- EXERCISE GOAL
For the material below, return exactly the lines starting at the line containing "Lemma mxtrace_kron_mul m" and ending at the line containing "rewrite /mxtrace big_mxvec_index;", both ends included, and no others.

====== THE RECORDS

(* Both kinds of models excluded by tripartite steering, fully LHS-LHV ones and quantum
   models separable across AB|C, give behaviours of the form
     P(abc|xyz) = sum_l r_l Tr[(M_a|x (x) M_b|y) rho_l] R_l(c|z)
   with two-qubit states rho_l and conditional distributions R_l.  The Mermin functional
   takes the value 4V on the Mermin family, while on such a mixture it averages quantities
   s1 (E_01 + E_10) + s2 (E_00 - E_11) with signs s1, s2 and two-qubit correlators E_xy, each
   at most 2 sqrt 2 by a sum-of-squares certificate.  Hence V > 1/sqrt 2 forces steering.
   Conversely, for V <= 1/sqrt 2 Charlie holds a uniformly random pair of signs (s1, s2) and
   outputs one of them according to z, while Alice and Bob share
   1/2 (|w><w| + (1 - |g|^2) |11><11|) with w = |00> + g |11> and g = V (s1 + i s2); since
   |g|^2 = 2 V^2 <= 1 this is a state, and the resulting AB|C-separable model reproduces
   the Mermin family. *)

From HB Require Import structures.
From mathcomp Require Import all_boot all_order all_algebra.
From mathcomp Require Import ring.
Set Implicit Arguments. Unset Strict Implicit. Unset Printing Implicit Defensive.
Import Order.TTheory GRing.Theory Num.Theory.
Local Open Scope ring_scope.

Section Kronecker.
Variable C : numClosedFieldType.

Lemma split_idx_mxvec_index m n (i : 'I_m) (j : 'I_n) :
  split_idx (mxvec_index i j) = (i, j).
Proof. by rewrite /split_idx /mxvec_index cast_ordK enum_rankK. Qed.

Lemma kronE m1 n1 m2 n2 (A : 'M[C]_(m1, n1)) (B : 'M[C]_(m2, n2)) i1 i2 j1 j2 :
  kron A B (mxvec_index i1 i2) (mxvec_index j1 j2) = A i1 j1 * B i2 j2.
Proof. by rewrite /kron mxE !split_idx_mxvec_index. Qed.

Lemma big_mxvec_index m n (F : 'I_(m * n) -> C) :
  \sum_(k < m * n) F k = \sum_(i < m) \sum_(j < n) F (mxvec_index i j).
Proof.
rewrite (reindex (fun p : 'I_m * 'I_n => mxvec_index p.1 p.2)) /=.
  by rewrite pair_big.
have [g h1 h2] := curry_mxvec_bij m n.
exists g => [[i j] _|k _]; [exact: (h1 (i, j)) | by move: (h2 k isT); case: (g k)].
Qed.

Lemma mulmx_kron m1 n1 p1 m2 n2 p2 (A : 'M[C]_(m1, n1)) (B : 'M[C]_(m2, n2))
  (A' : 'M[C]_(n1, p1)) (B' : 'M[C]_(n2, p2)) :
  kron A B *m kron A' B' = kron (A *m A') (B *m B').
Proof.
apply/matrixP => i j; case/mxvec_indexP: i => i1 i2; case/mxvec_indexP: j => j1 j2.
rewrite mxE kronE !mxE big_mxvec_index big_distrl /=; apply: eq_bigr => k1 _.
rewrite big_distrr /=; apply: eq_bigr => k2 _; rewrite !kronE; ring.
Qed.

Lemma mxtrace_kron m n (A : 'M[C]_m) (B : 'M[C]_n) : \tr (kron A B) = \tr A * \tr B.
Proof.
rewrite /mxtrace big_mxvec_index big_distrl /=; apply: eq_bigr => i _.
by rewrite big_distrr /=; apply: eq_bigr => j _; rewrite kronE.
Qed.

Lemma kronBl m1 n1 m2 n2 (A A' : 'M[C]_(m1, n1)) (B : 'M[C]_(m2, n2)) :
  kron (A - A') B = kron A B - kron A' B.
Proof. by apply/matrixP => i j; rewrite !mxE mulrBl. Qed.

Lemma kronBr m1 n1 m2 n2 (A : 'M[C]_(m1, n1)) (B B' : 'M[C]_(m2, n2)) :
  kron A (B - B') = kron A B - kron A B'.
Proof. by apply/matrixP => i j; rewrite !mxE mulrBr. Qed.

Lemma mxtrace_kron_mul m n (A : 'M[C]_m) (B : 'M[C]_n) (K : 'M[C]_(m * n)) :
  \tr (kron A B *m K) = \sum_i1 \sum_i2 \sum_j1 \sum_j2
     A i1 j1 * B i2 j2 * K (mxvec_index j1 j2) (mxvec_index i1 i2).
Proof.
rewrite /mxtrace big_mxvec_index; apply: eq_bigr => i1 _; apply: eq_bigr => i2 _.
rewrite mxE big_mxvec_index; apply: eq_bigr => j1 _; apply: eq_bigr => j2 _.
by rewrite kronE.
Qed.

Lemma mxtrace_mxvec_index m n (K : 'M[C]_(m * n)) :
  \tr K = \sum_i1 \sum_i2 K (mxvec_index i1 i2) (mxvec_index i1 i2).
Proof. by rewrite /mxtrace big_mxvec_index. Qed.

End Kronecker.

Section Adjoint.
Variable C : numClosedFieldType.
Local Open Scope sesquilinear_scope.
Import Num.Def.

Lemma adjmxE m n (A : 'M[C]_(m, n)) : adjmx A = A ^t conjC.
Proof. by apply/matrixP => i j; rewrite !mxE. Qed.

Lemma adjmx_mul m n p (A : 'M[C]_(m, n)) (B : 'M[C]_(n, p)) :
  adjmx (A *m B) = adjmx B *m adjmx A.
Proof. by rewrite /adjmx map_mxM trmx_mul. Qed.

Lemma adjmxK m n (A : 'M[C]_(m, n)) : adjmx (adjmx A) = A.
Proof. by apply/matrixP => i j; rewrite !mxE conjCK. Qed.

Lemma adjmxD m n (A B : 'M[C]_(m, n)) : adjmx (A + B) = adjmx A + adjmx B.
Proof. by apply/matrixP => i j; rewrite !mxE rmorphD. Qed.

Lemma adjmxZ m n (a : C) (A : 'M[C]_(m, n)) : adjmx (a *: A) = a^* *: adjmx A.
Proof. by apply/matrixP => i j; rewrite !mxE rmorphM. Qed.

Lemma adjmx_kron m1 n1 m2 n2 (A : 'M[C]_(m1, n1)) (B : 'M[C]_(m2, n2)) :
  adjmx (kron A B) = kron (adjmx A) (adjmx B).
Proof. by apply/matrixP => i j; rewrite !mxE rmorphM. Qed.

Lemma adjmx_delta n (i : 'I_n) : adjmx (delta_mx i 0 : 'cV[C]_n) = delta_mx 0 i.
Proof. by apply/matrixP => k l; rewrite !mxE rmorph_nat andbC. Qed.

Lemma form_delta n (A : 'M[C]_n) i j :
  (adjmx (delta_mx i 0 : 'cV[C]_n) *m A *m (delta_mx j 0 : 'cV[C]_n)) 0 0 = A i j.
Proof. by rewrite adjmx_delta -rowE -colE !mxE. Qed.

Lemma mxtrace_mul_outer n (K : 'M[C]_n) (w : 'cV[C]_n) :
  \tr (K *m (w *m adjmx w)) = (adjmx w *m K *m w) 0 0.
Proof. by rewrite mulmxA mxtrace_mulC trace_mx11 mulmxA. Qed.

Lemma delta_mx_outer n (i : 'I_n) :
  delta_mx i i = (delta_mx i 0 : 'cV[C]_n) *m adjmx (delta_mx i 0).
Proof. by rewrite adjmx_delta mul_delta_mx. Qed.

Lemma mxtrace_mul_delta n (A : 'M[C]_n) i : \tr (A *m delta_mx i i) = A i i.
Proof. by rewrite delta_mx_outer mxtrace_mul_outer form_delta. Qed.

End Adjoint.

Section PositiveSemidefinite.
Variable C : numClosedFieldType.

Lemma psd_gram m n (M : 'M[C]_(m, n)) : psd (adjmx M *m M).
Proof.
move=> v; have -> : adjmx v *m (adjmx M *m M) *m v = adjmx (M *m v) *m (M *m v).
  by rewrite adjmx_mul !mulmxA.
rewrite mxE.
by apply: sumr_ge0 => k _; rewrite !mxE mulrC mul_conjC_ge0.
Qed.

Lemma psd_outer n (w : 'cV[C]_n) : psd (w *m adjmx w).
Proof. by rewrite -{1}(adjmxK w); apply: psd_gram. Qed.

Lemma psdD n (A B : 'M[C]_n) : psd A -> psd B -> psd (A + B).
Proof. by move=> hA hB v; rewrite mulmxDr mulmxDl mxE addr_ge0. Qed.

Lemma psdZ n (a : C) (A : 'M[C]_n) : 0 <= a -> psd A -> psd (a *: A).
Proof. by move=> ha hA v; rewrite -scalemxAr -scalemxAl mxE mulr_ge0. Qed.

Lemma psd_diag n (d : 'rV[C]_n) : (forall i, 0 <= d 0 i) -> psd (diag_mx d).
Proof.
move=> hd v; rewrite mul_mx_diag mxE; apply: sumr_ge0 => k _.
by rewrite !mxE -mulrA mulrC -mulrA mulr_ge0 ?mul_conjC_ge0.
Qed.

Definition sesq n (A : 'M[C]_n) (u v : 'cV[C]_n) : C := (adjmx u *m A *m v) 0 0.

Lemma sesqDl n (A : 'M[C]_n) u u' v : sesq A (u + u') v = sesq A u v + sesq A u' v.
Proof. by rewrite /sesq adjmxD !mulmxDl mxE. Qed.

Lemma sesqDr n (A : 'M[C]_n) u v v' : sesq A u (v + v') = sesq A u v + sesq A u v'.
Proof. by rewrite /sesq !mulmxDr mxE. Qed.

Lemma sesqZl n (A : 'M[C]_n) c u v : sesq A (c *: u) v = c^* * sesq A u v.
Proof. by rewrite /sesq adjmxZ -!scalemxAl mxE. Qed.

Lemma sesqZr n (A : 'M[C]_n) c u v : sesq A u (c *: v) = c * sesq A u v.
Proof. by rewrite /sesq -!scalemxAr mxE. Qed.

Lemma sesq_delta_comb n (A : 'M[C]_n) i j (c : C) :
  let u := delta_mx i 0 + c *: delta_mx j 0 in
  sesq A u u = A i i + c * A i j + c^* * A j i + c^* * c * A j j.
Proof. by rewrite /= !sesqDl !sesqDr !sesqZl !sesqZr /sesq !form_delta; ring. Qed.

============

- EXERCISE RESPONSE
Lemma mxtrace_kron_mul m n (A : 'M[C]_m) (B : 'M[C]_n) (K : 'M[C]_(m * n)) :
  \tr (kron A B *m K) = \sum_i1 \sum_i2 \sum_j1 \sum_j2
     A i1 j1 * B i2 j2 * K (mxvec_index j1 j2) (mxvec_index i1 i2).
Proof.
rewrite /mxtrace big_mxvec_index; apply: eq_bigr => i1 _; apply: eq_bigr => i2 _.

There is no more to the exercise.